[TRY IT]: In the records that follow, find each line containing "inversion" and copy it.

Collected data entries
(* Let $X\subseteq\Omega$ be club in $\Omega$ with $0\notin X$. If $\xi\in X$ and $\xi<\Theta_X(\varepsilon_{\Omega+1})$, then there is $\zeta<\varepsilon_{\Omega+1}$ with $\Theta_X(\zeta)=\xi$.
   Context: $\Omega$ is the first uncountable ordinal; $\varepsilon_{\Omega+1}$ the least $\varepsilon>\Omega$ with $\omega^\varepsilon=\varepsilon$. Every $0<\xi<\varepsilon_{\Omega+1}$ has a unique $\Omega$-normal form $\xi=\Omega^{\alpha}\beta+\gamma$ with $0<\beta<\Omega$, $\gamma<\Omega^{\alpha}$; $C(0)=\{0\}$, $C(\Omega^\alpha\beta+\gamma)=C(\alpha)\cup C(\gamma)\cup\{\beta\}$; $\xi^*=\max C(\xi)$. $\Theta_X(\xi)$ is defined by recursion on $\xi<\varepsilon_{\Omega+1}$ as the least $\theta\in X$ with $\theta>\xi^*$ such that every $\zeta<\xi$ with $\zeta^*<\theta$ satisfies $\Theta_X(\zeta)<\theta$. With $\Omega_0=1$, $\Omega_{n+1}=\Omega^{\Omega_n}$, $\Theta_X(\varepsilon_{\Omega+1}):=\sup_{n<\omega}\Theta_X(\Omega_n)$. *)

(* Ordinals below epsilon_{Omega+1} via Omega-normal forms
   with coefficients in an abstract copy of the countable ordinals Omega = omega_1. *)
From Stdlib Require Import Classical ClassicalEpsilon.

Set Implicit Arguments.

(* Omega (the first uncountable ordinal) = a well-order that is uncountable
   and all of whose proper initial segments are countable.  This characterizes
   omega_1 up to isomorphism. Elements of the carrier are the countable ordinals. *)
Record Omega1 := {
  carrier :> Type;
  olt : carrier -> carrier -> Prop;
  olt_irrefl : forall a, ~ olt a a;
  olt_trans : forall a b c, olt a b -> olt b c -> olt a c;
  olt_total : forall a b, olt a b \/ a = b \/ olt b a;
  olt_wf : well_founded olt;
  ozero : carrier;
  ozero_least : forall a, ~ olt a ozero;
  olt_countable_segments :
    forall a, exists f : nat -> carrier, forall b, olt b a -> exists n, f n = b;
  o_uncountable : ~ exists f : nat -> carrier, forall b, exists n, f n = b
}.

Section Defs.
Variable W : Omega1.

Definition oone : W :=
  epsilon (inhabits (ozero W))
    (fun o => olt W (ozero W) o /\ forall b, olt W (ozero W) b -> ~ olt W b o).

Definition omax (x y : W) : W :=
  if excluded_middle_informative (olt W x y) then y else x.

Definition unbounded (X : W -> Prop) : Prop :=
  forall a, exists x, X x /\ olt W a x.
Definition closed (X : W -> Prop) : Prop :=
  forall l, (exists x, X x /\ olt W x l) ->
            (forall a, olt W a l -> exists x, X x /\ olt W a x /\ olt W x l) ->
            X l.
Definition club (X : W -> Prop) : Prop := closed X /\ unbounded X.

(* terms: TZ = 0, TN a b g = Omega^a * b + g *)
Inductive term : Type :=
| TZ : term
| TN : term -> W -> term -> term.

Inductive ltt : term -> term -> Prop :=
| ltt_Z : forall a b g, ltt TZ (TN a b g)
| ltt_exp : forall a1 b1 g1 a2 b2 g2, ltt a1 a2 -> ltt (TN a1 b1 g1) (TN a2 b2 g2)
| ltt_coef : forall a b1 g1 b2 g2, olt W b1 b2 -> ltt (TN a b1 g1) (TN a b2 g2)
| ltt_tail : forall a b g1 g2, ltt g1 g2 -> ltt (TN a b g1) (TN a b g2).

(* Omega-normal form: 0 < b < Omega and g < Omega^a *)
Fixpoint nf (t : term) : Prop :=
  match t with
  | TZ => True
  | TN a b g =>
      nf a /\ b <> ozero W /\ nf g /\
      (g = TZ \/ exists a' b' g', g = TN a' b' g' /\ ltt a' a)
  end.

Fixpoint Cset (t : term) : list W :=
  match t with
  | TZ => ozero W :: nil
  | TN a b g => Cset a ++ Cset g ++ b :: nil
  end.

Fixpoint star (t : term) : W :=
  match t with
  | TZ => ozero W
  | TN a b g => omax (star a) (omax b (star g))
  end.

Definition ThetaSpec (X : W -> Prop) (F : term -> W) : Prop :=
  forall xi, nf xi ->
    let P := fun th => X th /\ olt W (star xi) th /\
               (forall zeta, nf zeta -> ltt zeta xi -> olt W (star zeta) th ->
                  olt W (F zeta) th) in
    P (F xi) /\ forall th, P th -> ~ olt W th (F xi).

Definition Theta (X : W -> Prop) : term -> W :=
  epsilon (inhabits (fun _ => ozero W)) (ThetaSpec X).

Fixpoint OmegaN (n : nat) : term :=
  match n with
  | O => TN TZ oone TZ
  | S k => TN (OmegaN k) oone TZ
  end.

(* Theta_X(eps_{Omega+1}) := sup_n Theta_X(Omega_n) (least upper bound in Omega) *)
Definition is_sup (S : W -> Prop) (s : W) : Prop :=
  (forall x, S x -> ~ olt W s x) /\
  (forall u, (forall x, S x -> ~ olt W u x) -> ~ olt W u s).

Definition ThetaEps (X : W -> Prop) : W :=
  epsilon (inhabits (ozero W))
    (is_sup (fun x => exists n, x = Theta X (OmegaN n))).

End Defs.

From Stdlib Require Import Classical ClassicalEpsilon Cantor Lia FunctionalExtensionality.

(* Pick n with xi < Theta(Omega_n) and take the ltt-least normal form eta with
   eta^* < xi <= Theta(eta); such an eta exists (Omega_n, or 0 if Theta(0) >= xi, as 0 < xi by 0 \notin X).
   Then xi satisfies every clause of the definition of Theta(eta), the clause on
   smaller zeta holding by minimality of eta, so Theta(eta) <= xi, i.e.
   Theta(eta) = xi.  Theta itself exists because ltt is well founded on normal
   forms and because a club contains, above any point, a point closed under any
   function on terms: there are only countably many terms t with t^* < a. *)

Definition countable {A : Type} (P : A -> Prop) : Prop :=
  exists e : nat -> A, forall x, P x -> exists n, e n = x.

Lemma wf_least {A : Type} {R : A -> A -> Prop} (P : A -> Prop) :
  well_founded R -> (exists x, P x) -> exists x, P x /\ forall y, P y -> ~ R y x.
Proof.
  intros wfR [x Px]. revert Px. induction (wfR x) as [x _ IH]. intros Px.
  destruct (classic (exists y, P y /\ R y x)) as [[y [Py Ryx]]|no_smaller].
  - exact (IH y Ryx Py).
  - exists x. split; [exact Px|]. intros y Py Ryx. apply no_smaller. eauto.
Qed.

Section CountableOrdinals.
Context {W : Omega1}.
Notation lt := (olt W).

Lemma olt_asym {x y : W} : lt x y -> ~ lt y x.
Proof. intros Hxy Hyx. exact (olt_irrefl W x (olt_trans W _ _ _ Hxy Hyx)). Qed.

Lemma nlt_eq_or_gt {x y : W} : ~ lt x y -> y = x \/ lt y x.
Proof. intros H. destruct (olt_total W x y) as [h|[h|h]]; [tauto|left; congruence|tauto]. Qed.

Lemma nlt_olt_trans {x y z : W} : ~ lt y x -> lt y z -> lt x z.
Proof.
  intros Hyx Hyz. destruct (nlt_eq_or_gt Hyx) as [->|Hxy]; [exact Hyz|].
  exact (olt_trans W _ _ _ Hxy Hyz).
Qed.

Lemma ozero_lt {x : W} : x <> ozero W -> lt (ozero W) x.
Proof.
  intros Hx. destruct (olt_total W (ozero W) x) as [h|[h|h]]; [exact h|congruence|].
  exfalso. exact (ozero_least W _ h).
Qed.

Lemma omax_lt {x y z : W} : lt (omax W x y) z -> lt x z /\ lt y z.
Proof.
  unfold omax. destruct (excluded_middle_informative (lt x y)) as [Hxy|Hyx]; intros H.
  - split; [exact (olt_trans W _ _ _ Hxy H)|exact H].
  - split; [exact H|exact (nlt_olt_trans Hyx H)].
Qed.

Lemma sequence_bounded (h : nat -> W) : exists u, forall n, lt (h n) u.
Proof.
  destruct (choice _ (fun n => olt_countable_segments W (h n))) as [E HE].
  set (F := fun m => let (i, j) := of_nat m in
                     match j with O => h i | S j' => E i j' end).
  assert (not_onto : exists b, ~ exists m, F m = b).
  { apply not_all_ex_not. intros onto. exact (o_uncountable W (ex_intro _ F onto)). }
  destruct not_onto as [b Hb]. exists b. intros n.
  destruct (olt_total W (h n) b) as [H|[H|H]]; [exact H| |]; exfalso; apply Hb.
  - exists (to_nat (n, 0)). unfold F. rewrite cancel_of_to. exact H.
  - destruct (HE n b H) as [m Hm].
    exists (to_nat (n, S m)). unfold F. rewrite cancel_of_to. exact Hm.
Qed.

Lemma countable_image_bounded {A : Type} {P : A -> Prop} (G : A -> W) :
  countable P -> exists u, forall x, P x -> lt (G x) u.
Proof.
  intros [e He]. destruct (sequence_bounded (fun n => G (e n))) as [u Hu].
  exists u. intros x Px. destruct (He x Px) as [n <-]. apply Hu.
Qed.

Lemma is_sup_exists (h : nat -> W) : exists s, is_sup W (fun x => exists n, x = h n) s.
Proof.
  destruct (sequence_bounded h) as [u Hu].
  destruct (wf_least (fun s => forall x, (exists n, x = h n) -> ~ lt s x)
              (olt_wf W)) as [s [Hs Hmin]].
  - exists u. intros x [n ->]. apply olt_asym, Hu.
  - exists s. split; [exact Hs|exact Hmin].
Qed.

Lemma lt_is_sup {h : nat -> W} {s x : W} :
  is_sup W (fun y => exists n, y = h n) s -> lt x s -> exists n, lt x (h n).
Proof.
  intros [_ s_least] Hxs. apply NNPP. intros none.
  apply (s_least x); [|exact Hxs].
  intros y [n ->] Hxy. apply none. eauto.
Qed.

Lemma increasing_sequence_limit (h : nat -> W) :
  (forall n, lt (h n) (h (S n))) ->
  exists l, (forall n, lt (h n) l) /\ forall a, lt a l -> exists n, lt a (h n).
Proof.
  intros h_incr.
  destruct (wf_least (fun u => forall n, lt (h n) u) (olt_wf W) (sequence_bounded h))
    as [l [h_lt_l l_least]].
  exists l. split; [exact h_lt_l|]. intros a Hal.
  destruct (classic (forall n, lt (h n) a)) as [bound|not_bound].
  - exfalso. exact (l_least a bound Hal).
  - destruct (not_all_ex_not _ _ not_bound) as [n Hn].
    exists (S n). exact (nlt_olt_trans Hn (h_incr n)).
Qed.

Lemma oone_spec :
  lt (ozero W) (oone W) /\ forall b, lt (ozero W) b -> ~ lt b (oone W).
Proof.
  unfold oone. apply epsilon_spec. apply (wf_least _ (olt_wf W)).
  apply NNPP. intros no_pos. apply (o_uncountable W).
  exists (fun _ => ozero W). intros b. exists 0.
  destruct (classic (b = ozero W)) as [->|Hb]; [reflexivity|].
  exfalso. exact (no_pos (ex_intro _ b (ozero_lt Hb))).
Qed.

Lemma ozero_lt_oone : lt (ozero W) (oone W).
Proof. exact (proj1 oone_spec). Qed.

Lemma oone_least {b : W} : lt (ozero W) b -> ~ lt b (oone W).
Proof. exact (proj2 oone_spec b). Qed.

End CountableOrdinals.

Section Terms.
Context {W : Omega1}.
Notation lt := (olt W).

Fixpoint term_size (t : term W) : nat :=
  match t with TZ _ => 0 | TN a _ g => S (Nat.max (term_size a) (term_size g)) end.

(* [f] enumerates the coefficients; the code of [TN a b g] is
   (1, (i, (code a, code g))) with [f i = b], any (0, _) codes [TZ]. *)
Fixpoint decode_term (f : nat -> W) (fuel n : nat) : term W :=
  match fuel with
  | O => TZ W
  | S fuel' =>
      let (tag, r) := of_nat n in
      match tag with
      | O => TZ W
      | S _ =>
          let (i, r') := of_nat r in
          let (ca, cg) := of_nat r' in
          TN (decode_term f fuel' ca) (f i) (decode_term f fuel' cg)
      end
  end.

Lemma decode_term_complete {a : W} {f : nat -> W} :
  (forall b, lt b a -> exists m, f m = b) ->
  forall t, lt (star t) a ->
  exists n, forall fuel, term_size t <= fuel -> decode_term f fuel n = t.
Proof.
  intros Hf. induction t as [|x IHx b g IHg]; intros Ht.
  - exists (to_nat (0, 0)). intros [|fuel] _; reflexivity.
  - simpl in Ht. apply omax_lt in Ht as [Hx Ht]. apply omax_lt in Ht as [Hb Hg].
    destruct (IHx Hx) as [nx Ex], (IHg Hg) as [ng Eg], (Hf b Hb) as [i Ei].
    exists (to_nat (1, to_nat (i, to_nat (nx, ng)))).
    intros [|fuel] Hfuel; simpl in Hfuel; [lia|].
    cbn [decode_term]. rewrite !cancel_of_to, Ex, Eg, Ei; [reflexivity|lia|lia].
Qed.

Lemma countable_terms_below (a : W) : countable (fun t : term W => lt (star t) a).
Proof.
  destruct (olt_countable_segments W a) as [f Hf].
  exists (fun m => let (fuel, n) := of_nat m in decode_term f fuel n).
  intros t Ht. destruct (decode_term_complete Hf t Ht) as [n Hn].
  exists (to_nat (term_size t, n)). rewrite cancel_of_to. apply Hn. constructor.
Qed.

Definition ltnf (x y : term W) : Prop := nf x /\ nf y /\ ltt x y.

Lemma acc_TZ : Acc ltnf (TZ W).
Proof. constructor. intros y [_ [_ H]]. inversion H. Qed.

(* Induction on the exponent, then the coefficient, then the tail; the tail is
   accessible because, by normality, its own exponent is below [a]. *)
Lemma acc_TN {a : term W} : Acc ltnf a -> forall b g, nf (TN a b g) -> Acc ltnf (TN a b g).
Proof.
  induction 1 as [a _ IHa]. intros b.
  induction (olt_wf W b) as [b _ IHb]. intros g nft.
  assert (acc_g : Acc ltnf g).
  { destruct nft as [nfa [_ [nfg [->|[a' [b' [g' [-> Ha']]]]]]]]; [exact acc_TZ|].
    exact (IHa a' (conj (proj1 nfg) (conj nfa Ha')) b' g' nfg). }
  revert nft. induction acc_g as [g _ IHg]. intros nft.
  constructor. intros y [nfy [_ Hy]].
  inversion Hy as [|a2 ? ? ? ? ? Hexp|? b2 g2 ? ? Hcoef|? ? g2 ? Htail]; subst.
  - exact acc_TZ.
  - exact (IHa a2 (conj (proj1 nfy) (conj (proj1 nft) Hexp)) _ _ nfy).
  - exact (IHb b2 Hcoef g2 nfy).
  - apply (IHg g2); [|exact nfy].
    exact (conj (proj1 (proj2 (proj2 nfy))) (conj (proj1 (proj2 (proj2 nft))) Htail)).
Qed.

Lemma ltnf_wf : well_founded ltnf.
Proof.
  intros t. destruct (classic (nf t)) as [nft|not_nf].
  2:{ constructor. intros y [_ [nft _]]. contradiction. }
  destruct t as [|a b g]; [exact acc_TZ|].
  revert b g nft. induction a as [|a' IHa' b' g' _]; intros b g nft.
  - exact (acc_TN acc_TZ b g nft).
  - exact (acc_TN (IHa' b' g' (proj1 nft)) b g nft).
Qed.

Lemma nf_OmegaN (n : nat) : nf (OmegaN W n).
Proof.
  assert (oone_neq : oone W <> ozero W).
  { intros E. apply (olt_irrefl W (ozero W)). rewrite <- E at 2. exact ozero_lt_oone. }
  induction n; simpl; auto 7.
Qed.

Lemma star_OmegaN (n : nat) : star (OmegaN W n) = oone W.
Proof.
  assert (max_1_0 : omax W (oone W) (ozero W) = oone W).
  { unfold omax. destruct (excluded_middle_informative _) as [h|_]; [|reflexivity].
    exfalso. exact (ozero_least W _ h). }
  assert (max_x_x : forall x : W, omax W x x = x).
  { intros x. unfold omax. destruct (excluded_middle_informative _); reflexivity. }
  induction n; simpl; rewrite ?IHn, max_1_0; [|apply max_x_x].
  unfold omax. destruct (excluded_middle_informative _) as [_|h]; [reflexivity|].
  exfalso. exact (h ozero_lt_oone).
Qed.

End Terms.

Section ClubClosure.
Context {W : Omega1} {T : Type} (size : T -> W) (X : W -> Prop).
Notation lt := (olt W).
Hypothesis size_segments_countable : forall a, countable (fun t => lt (size t) a).
Hypothesis X_club : club W X.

[ANSWER SPACE]:
Proof. constructor. intros y [_ [_ H]]. inversion H. Qed.
  inversion Hy as [|a2 ? ? ? ? ? Hexp|? b2 g2 ? ? Hcoef|? ? g2 ? Htail]; subst.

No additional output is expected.